Supplied entries —
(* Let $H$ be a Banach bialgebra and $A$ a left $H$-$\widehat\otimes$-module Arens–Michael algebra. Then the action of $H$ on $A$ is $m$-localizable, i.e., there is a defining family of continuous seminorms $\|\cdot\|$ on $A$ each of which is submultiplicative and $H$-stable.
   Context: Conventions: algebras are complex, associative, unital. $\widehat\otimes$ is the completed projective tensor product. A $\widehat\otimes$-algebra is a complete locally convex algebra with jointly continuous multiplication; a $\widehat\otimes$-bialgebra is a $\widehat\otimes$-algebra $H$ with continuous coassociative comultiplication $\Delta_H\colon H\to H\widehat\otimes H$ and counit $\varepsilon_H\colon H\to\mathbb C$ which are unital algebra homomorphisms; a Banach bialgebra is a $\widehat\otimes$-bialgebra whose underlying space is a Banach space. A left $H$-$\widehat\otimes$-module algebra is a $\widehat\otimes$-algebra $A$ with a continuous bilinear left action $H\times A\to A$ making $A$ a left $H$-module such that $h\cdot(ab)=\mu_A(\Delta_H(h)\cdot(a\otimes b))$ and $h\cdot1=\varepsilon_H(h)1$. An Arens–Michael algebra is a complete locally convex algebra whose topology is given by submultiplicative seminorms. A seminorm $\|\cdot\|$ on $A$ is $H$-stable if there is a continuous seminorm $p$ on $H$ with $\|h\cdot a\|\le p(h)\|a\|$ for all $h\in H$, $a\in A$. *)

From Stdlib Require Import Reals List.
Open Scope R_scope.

==

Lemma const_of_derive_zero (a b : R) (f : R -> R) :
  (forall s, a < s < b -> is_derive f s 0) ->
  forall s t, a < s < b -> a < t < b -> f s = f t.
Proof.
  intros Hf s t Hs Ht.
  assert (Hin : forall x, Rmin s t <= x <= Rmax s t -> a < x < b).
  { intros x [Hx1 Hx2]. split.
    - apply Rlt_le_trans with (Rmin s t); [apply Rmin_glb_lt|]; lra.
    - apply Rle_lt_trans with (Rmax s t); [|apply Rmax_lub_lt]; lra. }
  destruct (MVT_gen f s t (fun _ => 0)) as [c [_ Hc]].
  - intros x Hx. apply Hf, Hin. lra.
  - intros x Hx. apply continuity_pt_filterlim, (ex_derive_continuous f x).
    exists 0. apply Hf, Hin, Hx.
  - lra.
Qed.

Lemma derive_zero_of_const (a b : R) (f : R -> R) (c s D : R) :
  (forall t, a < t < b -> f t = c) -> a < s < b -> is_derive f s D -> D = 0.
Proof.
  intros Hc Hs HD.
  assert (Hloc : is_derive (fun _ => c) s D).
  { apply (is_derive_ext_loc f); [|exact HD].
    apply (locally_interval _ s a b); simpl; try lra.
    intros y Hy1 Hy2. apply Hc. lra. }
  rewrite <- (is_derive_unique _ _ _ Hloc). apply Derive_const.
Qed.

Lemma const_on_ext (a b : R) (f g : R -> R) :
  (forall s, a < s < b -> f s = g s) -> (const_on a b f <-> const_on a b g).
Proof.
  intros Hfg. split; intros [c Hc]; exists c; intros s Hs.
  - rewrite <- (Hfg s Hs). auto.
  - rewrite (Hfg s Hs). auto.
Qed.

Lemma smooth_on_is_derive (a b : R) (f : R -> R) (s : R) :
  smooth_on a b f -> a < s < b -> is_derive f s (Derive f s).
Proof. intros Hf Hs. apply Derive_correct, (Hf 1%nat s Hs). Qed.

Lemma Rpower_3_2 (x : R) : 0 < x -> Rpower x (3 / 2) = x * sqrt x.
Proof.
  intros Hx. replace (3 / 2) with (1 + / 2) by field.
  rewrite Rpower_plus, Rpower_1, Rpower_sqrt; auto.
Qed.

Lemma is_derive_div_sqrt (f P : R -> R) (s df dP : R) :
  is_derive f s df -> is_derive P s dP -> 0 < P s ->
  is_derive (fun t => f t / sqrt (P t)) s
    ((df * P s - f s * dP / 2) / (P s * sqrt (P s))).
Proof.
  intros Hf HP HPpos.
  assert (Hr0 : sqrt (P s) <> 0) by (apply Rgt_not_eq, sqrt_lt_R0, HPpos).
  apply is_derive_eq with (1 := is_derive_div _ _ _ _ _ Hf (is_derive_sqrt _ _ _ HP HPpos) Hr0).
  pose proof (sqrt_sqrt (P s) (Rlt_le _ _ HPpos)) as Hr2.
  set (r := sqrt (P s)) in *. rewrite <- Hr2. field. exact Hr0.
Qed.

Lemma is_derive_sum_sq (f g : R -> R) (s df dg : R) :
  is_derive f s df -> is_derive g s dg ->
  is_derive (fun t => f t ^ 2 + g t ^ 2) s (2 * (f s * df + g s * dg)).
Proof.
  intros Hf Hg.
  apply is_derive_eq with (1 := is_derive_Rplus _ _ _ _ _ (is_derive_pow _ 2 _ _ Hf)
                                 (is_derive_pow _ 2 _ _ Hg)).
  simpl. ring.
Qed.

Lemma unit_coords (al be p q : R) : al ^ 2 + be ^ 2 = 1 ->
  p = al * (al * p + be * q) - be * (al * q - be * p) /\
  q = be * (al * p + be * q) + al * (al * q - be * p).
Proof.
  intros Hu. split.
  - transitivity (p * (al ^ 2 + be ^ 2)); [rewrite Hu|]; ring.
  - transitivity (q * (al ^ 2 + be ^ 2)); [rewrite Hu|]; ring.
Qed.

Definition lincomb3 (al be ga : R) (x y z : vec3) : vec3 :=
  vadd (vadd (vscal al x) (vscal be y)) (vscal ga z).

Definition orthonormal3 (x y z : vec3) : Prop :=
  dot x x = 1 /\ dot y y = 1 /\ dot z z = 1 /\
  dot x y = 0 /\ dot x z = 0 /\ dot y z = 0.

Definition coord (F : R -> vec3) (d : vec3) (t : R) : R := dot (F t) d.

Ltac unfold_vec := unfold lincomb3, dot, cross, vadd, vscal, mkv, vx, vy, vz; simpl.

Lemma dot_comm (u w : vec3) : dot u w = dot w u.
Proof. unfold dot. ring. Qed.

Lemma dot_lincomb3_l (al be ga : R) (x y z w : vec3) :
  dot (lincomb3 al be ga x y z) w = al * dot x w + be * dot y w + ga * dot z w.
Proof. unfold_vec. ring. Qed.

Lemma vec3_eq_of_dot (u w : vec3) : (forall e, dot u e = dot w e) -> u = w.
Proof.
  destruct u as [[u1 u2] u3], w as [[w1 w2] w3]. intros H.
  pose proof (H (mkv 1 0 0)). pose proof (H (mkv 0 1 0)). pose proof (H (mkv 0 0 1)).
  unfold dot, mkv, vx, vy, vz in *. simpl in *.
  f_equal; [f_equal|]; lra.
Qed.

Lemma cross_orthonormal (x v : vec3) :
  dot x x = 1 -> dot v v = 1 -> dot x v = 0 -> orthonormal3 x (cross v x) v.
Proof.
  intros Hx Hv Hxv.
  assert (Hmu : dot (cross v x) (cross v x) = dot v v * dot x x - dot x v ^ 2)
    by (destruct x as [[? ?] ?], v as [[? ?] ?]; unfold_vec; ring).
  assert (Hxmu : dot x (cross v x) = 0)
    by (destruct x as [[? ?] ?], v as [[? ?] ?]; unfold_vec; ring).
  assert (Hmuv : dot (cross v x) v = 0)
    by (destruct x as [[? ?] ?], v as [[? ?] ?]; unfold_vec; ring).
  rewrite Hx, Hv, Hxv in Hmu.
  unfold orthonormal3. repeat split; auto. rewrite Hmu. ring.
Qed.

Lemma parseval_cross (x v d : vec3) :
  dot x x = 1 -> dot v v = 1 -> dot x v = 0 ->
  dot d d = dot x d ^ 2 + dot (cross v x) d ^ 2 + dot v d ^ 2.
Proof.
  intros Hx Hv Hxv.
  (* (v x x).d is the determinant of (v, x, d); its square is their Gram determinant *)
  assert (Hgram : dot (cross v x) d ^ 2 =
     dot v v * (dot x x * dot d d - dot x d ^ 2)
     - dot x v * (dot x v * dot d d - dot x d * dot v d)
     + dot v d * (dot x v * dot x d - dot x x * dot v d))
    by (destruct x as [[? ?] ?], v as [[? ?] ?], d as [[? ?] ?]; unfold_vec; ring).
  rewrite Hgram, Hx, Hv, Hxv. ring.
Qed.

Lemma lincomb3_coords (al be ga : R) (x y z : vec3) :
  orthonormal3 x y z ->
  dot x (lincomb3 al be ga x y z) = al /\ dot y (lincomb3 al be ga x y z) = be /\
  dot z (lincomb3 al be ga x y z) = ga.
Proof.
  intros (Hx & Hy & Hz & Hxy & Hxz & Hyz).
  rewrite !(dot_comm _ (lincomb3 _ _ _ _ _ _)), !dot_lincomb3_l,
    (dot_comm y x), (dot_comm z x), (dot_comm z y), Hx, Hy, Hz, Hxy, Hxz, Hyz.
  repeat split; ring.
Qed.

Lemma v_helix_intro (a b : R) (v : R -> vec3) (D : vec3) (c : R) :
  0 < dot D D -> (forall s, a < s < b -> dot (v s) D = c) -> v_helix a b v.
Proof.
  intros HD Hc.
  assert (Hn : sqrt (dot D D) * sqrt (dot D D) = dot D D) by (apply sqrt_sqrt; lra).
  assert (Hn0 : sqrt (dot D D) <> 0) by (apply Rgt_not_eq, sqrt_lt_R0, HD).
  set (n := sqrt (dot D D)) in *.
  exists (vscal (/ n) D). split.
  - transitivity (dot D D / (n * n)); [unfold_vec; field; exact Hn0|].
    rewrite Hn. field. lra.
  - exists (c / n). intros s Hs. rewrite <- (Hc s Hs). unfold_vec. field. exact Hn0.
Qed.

Action item —
From the entries above, give again exactly the lines running from the line with "intros Hfg. split;" to the line with "intros Hf Hg."; include both of those lines.

Answer to this exercise —
  intros Hfg. split; intros [c Hc]; exists c; intros s Hs.
  - rewrite <- (Hfg s Hs). auto.
  - rewrite (Hfg s Hs). auto.
Qed.

Lemma smooth_on_is_derive (a b : R) (f : R -> R) (s : R) :
  smooth_on a b f -> a < s < b -> is_derive f s (Derive f s).
Proof. intros Hf Hs. apply Derive_correct, (Hf 1%nat s Hs). Qed.

Lemma Rpower_3_2 (x : R) : 0 < x -> Rpower x (3 / 2) = x * sqrt x.
Proof.
  intros Hx. replace (3 / 2) with (1 + / 2) by field.
  rewrite Rpower_plus, Rpower_1, Rpower_sqrt; auto.
Qed.

Lemma is_derive_div_sqrt (f P : R -> R) (s df dP : R) :
  is_derive f s df -> is_derive P s dP -> 0 < P s ->
  is_derive (fun t => f t / sqrt (P t)) s
    ((df * P s - f s * dP / 2) / (P s * sqrt (P s))).
Proof.
  intros Hf HP HPpos.
  assert (Hr0 : sqrt (P s) <> 0) by (apply Rgt_not_eq, sqrt_lt_R0, HPpos).
  apply is_derive_eq with (1 := is_derive_div _ _ _ _ _ Hf (is_derive_sqrt _ _ _ HP HPpos) Hr0).
  pose proof (sqrt_sqrt (P s) (Rlt_le _ _ HPpos)) as Hr2.
  set (r := sqrt (P s)) in *. rewrite <- Hr2. field. exact Hr0.
Qed.

Lemma is_derive_sum_sq (f g : R -> R) (s df dg : R) :
  is_derive f s df -> is_derive g s dg ->
  is_derive (fun t => f t ^ 2 + g t ^ 2) s (2 * (f s * df + g s * dg)).
Proof.
  intros Hf Hg.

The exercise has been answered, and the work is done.